The UK, like many anglophonic countries, operates under a common law system. Unlike civil law, where case rulings are largely determined by legislature, common law depends on case precedent: that is, a judge’s ruling has the potential to influence how future cases of similar circumstances will be settled. Herein lies the problem: a questionable decision made by a judge on a certain day in a certain situation goes on to shape how all future cases in that vein will be settled. The power of judges to shape the fabric of the law through their decisions is not a responsibility taken lightly, but this unilateral authority is still dangerously susceptible to human subjectivity, and the more ingrained these rulings become in our legal system, the more difficult they are to extract. When a soggy egg-and-cress sandwich has the capacity to determine that every shoplifter from a lowincome community is sentenced to seven years in prison, no matter how unlikely it may seem, it is a sign that serious initiative needs to be taken to eliminate even the possibility of such an outcome.
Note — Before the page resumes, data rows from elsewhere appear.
(* Let $\alpha,\beta\ge0$, $m_\lambda>0$, $m\in\mathbb N$, $a\ge0$, $b\ge\frac12$, fix $t\ge0$ and a real number $W^0_t$, and set $V=m_\lambda\exp((\beta-\frac12)t+W^0_t)$, $$f(x)=V\tfrac{\alpha}{2}x+\tfrac{x^2}{2},\qquad g(x)=-\Big(\big(\tfrac{\alpha}{2}-\beta\big)V+x\Big),$$ $L\varphi=\partial_x(f\,\partial_x\varphi)+g\,\partial_x\varphi$ and $\sigma(\varphi)=\varphi-\partial_x(x\varphi)$. Then for $u\in H_1:=W_0^{m,2}(a,b)$, $$\langle Lu,u\rangle_{H_1}+\frac12\sup_{\varphi\in H_1,\|\varphi\|_{H_1}=1}|\langle u,\sigma\varphi\rangle_{H_1}|^2\le C_{\alpha,\beta,m}\,(1+V)\,\|u\|_{H_1}^2,$$ where $C_{\alpha,\beta,m}$ is a constant depending on $\alpha,\beta,m$.
   Context: $W_0^{m,2}(a,b)$ is the closure of $C_c^\infty((0,\infty))$ under the norm $\|f\|_{H_1}=\big(\sum_{\gamma=0}^m\int_0^\infty(1+x^2)^{2a+2\gamma b}|\partial_x^\gamma f|^2dx\big)^{1/2}$, with inner product $\langle u,v\rangle_{H_1}=\sum_{\gamma=0}^m\int_0^\infty(1+x^2)^{2a+2\gamma b}\partial_x^\gamma u\,\partial_x^\gamma v\,dx$. *)

From Stdlib Require Import Reals.
From Coquelicot Require Import Coquelicot.
Open Scope R_scope.

(* phi : R -> R is (the extension by zero of) an element of C_c^infty((0,oo)):
   infinitely differentiable everywhere, and vanishing outside some [r,R]
   with 0 < r <= R. *)
Definition test_fn (phi : R -> R) : Prop :=
  (forall (n : nat) (x : R), ex_derive (Derive_n phi n) x) /\
  exists r R0 : R, 0 < r /\ r <= R0 /\
    forall x, (x < r \/ R0 < x) -> phi x = 0.

Definition weight (a b : R) (gamma : nat) (x : R) : R :=
  Rpower (1 + x ^ 2) (2 * a + 2 * INR gamma * b).

Definition int0inf (h : R -> R) : R :=
  RInt_gen h (at_point 0) (Rbar_locally p_infty).

Definition ipH1 (m : nat) (a b : R) (u v : R -> R) : R :=
  sum_f_R0 (fun gamma =>
     int0inf (fun x => weight a b gamma x * Derive_n u gamma x * Derive_n v gamma x)) m.

Definition normH1 (m : nat) (a b : R) (u : R -> R) : R := sqrt (ipH1 m a b u u).

Definition Vcoef (beta mlam t W : R) : R := mlam * exp ((beta - 1/2) * t + W).

Definition fcoef (alpha V : R) (x : R) : R := V * (alpha / 2) * x + x ^ 2 / 2.
Definition gcoef (alpha beta V : R) (x : R) : R := - ((alpha / 2 - beta) * V + x).

Definition Lop (alpha beta V : R) (phi : R -> R) : R -> R :=
  fun x => Derive (fun y => fcoef alpha V y * Derive phi y) x
           + gcoef alpha beta V x * Derive phi x.

Definition sigma_op (phi : R -> R) : R -> R :=
  fun x => phi x - Derive (fun y => y * phi y) x.

From Stdlib Require Import Reals Lra.
From Coquelicot Require Import Coquelicot.
Open Scope R_scope.

(* At derivative level g the weight is w = (1 + x^2)^p with p = 2a + 2gb, and
   D^g (L u) = f u^(g+2) + (beta V + g f') u^(g+1) + g (g - 1)/2 u^(g),
   D^g (sigma phi) = - (x phi^(g+1) + g phi^(g)).
   Integrating by parts moves sigma onto u as T u = x u^(g+1) + c u^(g), so Cauchy-Schwarz and
   |phi| = 1 bound |<u, sigma phi>|^2 by sum_g int w (T u)^2.  On each level an explicit energy
   E = w (f u^(g) u^(g+1) + Q (u^(g))^2 / 2), which vanishes at 0 and beyond the support, has
   E' = w D^g(L u) u^(g) + w (T u)^2 / 2 + w (f - x^2/2) (u^(g+1))^2 - w R (u^(g))^2.
   Here f - x^2/2 = V alpha x / 2 >= 0, and R is built from the bounded quotients x^k / (1+x^2)^j
   with coefficients affine in V, so R <= C (1 + V).  Integrating E' over the support gives the
   level estimate, and summing over g <= m gives the theorem. *)

Lemma is_RInt_gen_vanishing_tail (h : R -> R) (M : R) :
  (forall x, M < x -> h x = 0) ->
  is_RInt_gen h (at_point M) (Rbar_locally p_infty) 0.
Proof.
  intros Hz.
  assert (H0 : is_RInt_gen (Derive (fun _ => 0)) (at_point M) (Rbar_locally p_infty) (0 - 0)).
  { apply is_RInt_gen_Derive; try apply filterlim_const;
      apply Filter_prod with (fun _ => True) (fun _ => True); try easy; try (exists 0; easy).
    - intros; apply ex_derive_const.
    - intros; apply (continuous_ext (fun _ => 0));
        [intros; symmetry; apply Derive_const | apply continuous_const]. }
  rewrite Rminus_0_r in H0. revert H0. apply is_RInt_gen_ext.
  apply Filter_prod with (fun x => x = M) (fun y => M < y); [reflexivity | now exists M |].
  intros x y -> Hy t Ht; simpl in *.
  rewrite Derive_const, Hz; [reflexivity |]. rewrite Rmin_left in Ht; lra.
Qed.
(* The Euclidean plane $\mathbb R^2$ is strongly discrete homogeneous.
   Context: A subset $D$ of $X$ is discrete if each point of $X$ has a neighbourhood containing at most one point of $D$. A Hausdorff space $X$ is strongly discrete homogeneous (sDH) if for any two discrete subsets $A,B$ of $X$ and any bijection $f\colon A\to B$, $f$ extends to a homeomorphism of $X$ onto itself. *)

From HB Require Import structures.
From mathcomp Require Import all_boot all_order all_algebra.
From mathcomp Require Import all_classical all_reals all_analysis.
Set Implicit Arguments. Unset Strict Implicit. Unset Printing Implicit Defensive.
Local Open Scope classical_set_scope.

Definition discrete_subset {X : topologicalType} (D : set X) : Prop :=
  forall x : X, exists U : set X, nbhs x U /\
    (forall a b : X, D a -> D b -> U a -> U b -> a = b).

Definition self_homeomorphism {X : topologicalType} (h : X -> X) : Prop :=
  exists g : X -> X, [/\ cancel h g, cancel g h, continuous h & continuous g].

Definition sDH (X : topologicalType) : Prop :=
  hausdorff_space X /\
  forall (A B : set X) (f : X -> X),
    discrete_subset A -> discrete_subset B -> set_bij A B f ->
    exists h : X -> X, self_homeomorphism h /\ (forall a, A a -> h a = f a).

From mathcomp Require Import all_boot all_order all_algebra.
From mathcomp Require Import all_classical all_reals all_analysis.
Import numFieldNormedType.Exports.
From mathcomp Require Import ring lra.
Import Order.TTheory GRing.Theory Num.Theory.
Local Open Scope classical_set_scope.
Local Open Scope ring_scope.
The question then becomes, when confronted with the problems of an arbitrary judiciary, what can be done to fix it? The first potential solution, to have a fixed sentence for a crime substantiated by quantifiable factors, e.g. the value of goods stolen, has its merits in that it eliminates the possibility of injustice on a case by case basis. between cases, it seriously undermines fairness within cases. The second potential solution, to have a panel of multiple judges collaborate on a ruling, carries greater promise: the immediate introduction of a second opinion separate from the appeals process would save resources and guarantee a greater element of impartiality. However, this system would only occupy more immediate resources where they may not be required, and while a collection of different opinions could nullify potential bias, the equal likelihood that two similar opinions collide could only exacerbate the initial problem. A ‘good judge, bad judge’ setup, though seemingly taken from a lost Gilbert and Sullivan musical skit, increases the odds of an impartial ruling, but the defendant facing trial after a canteen catastrophe stands little chance. The significance of the judge in our justice system can be our greatest strength, but it has the potential to be our greatest downfall, and with the system as it is, that human element is impossible to compensate for.

Judges are the foundation of British law. Their expertise, their fair judgement and their uncompromising commitment to the law make them the indispensable glue that binds the system together, ensuring that, no matter the ruling, trials remain free, fair and factual. However, judges are also only human, with human problems and biases. These human problems colliding with the required objectivity of law is a recipe for disaster, with potentially severe and lasting consequences. And yet, without the human element, if we were all exposed to the unfeeling monolith of Law, would we be any better off? Ultimately, judges are arbitrary by nature of their humanity, but how we seek to resolve this without compromising the fundamental humanism of our legal system is a challenge that will take a great deal of examination, understanding and patience to resolve.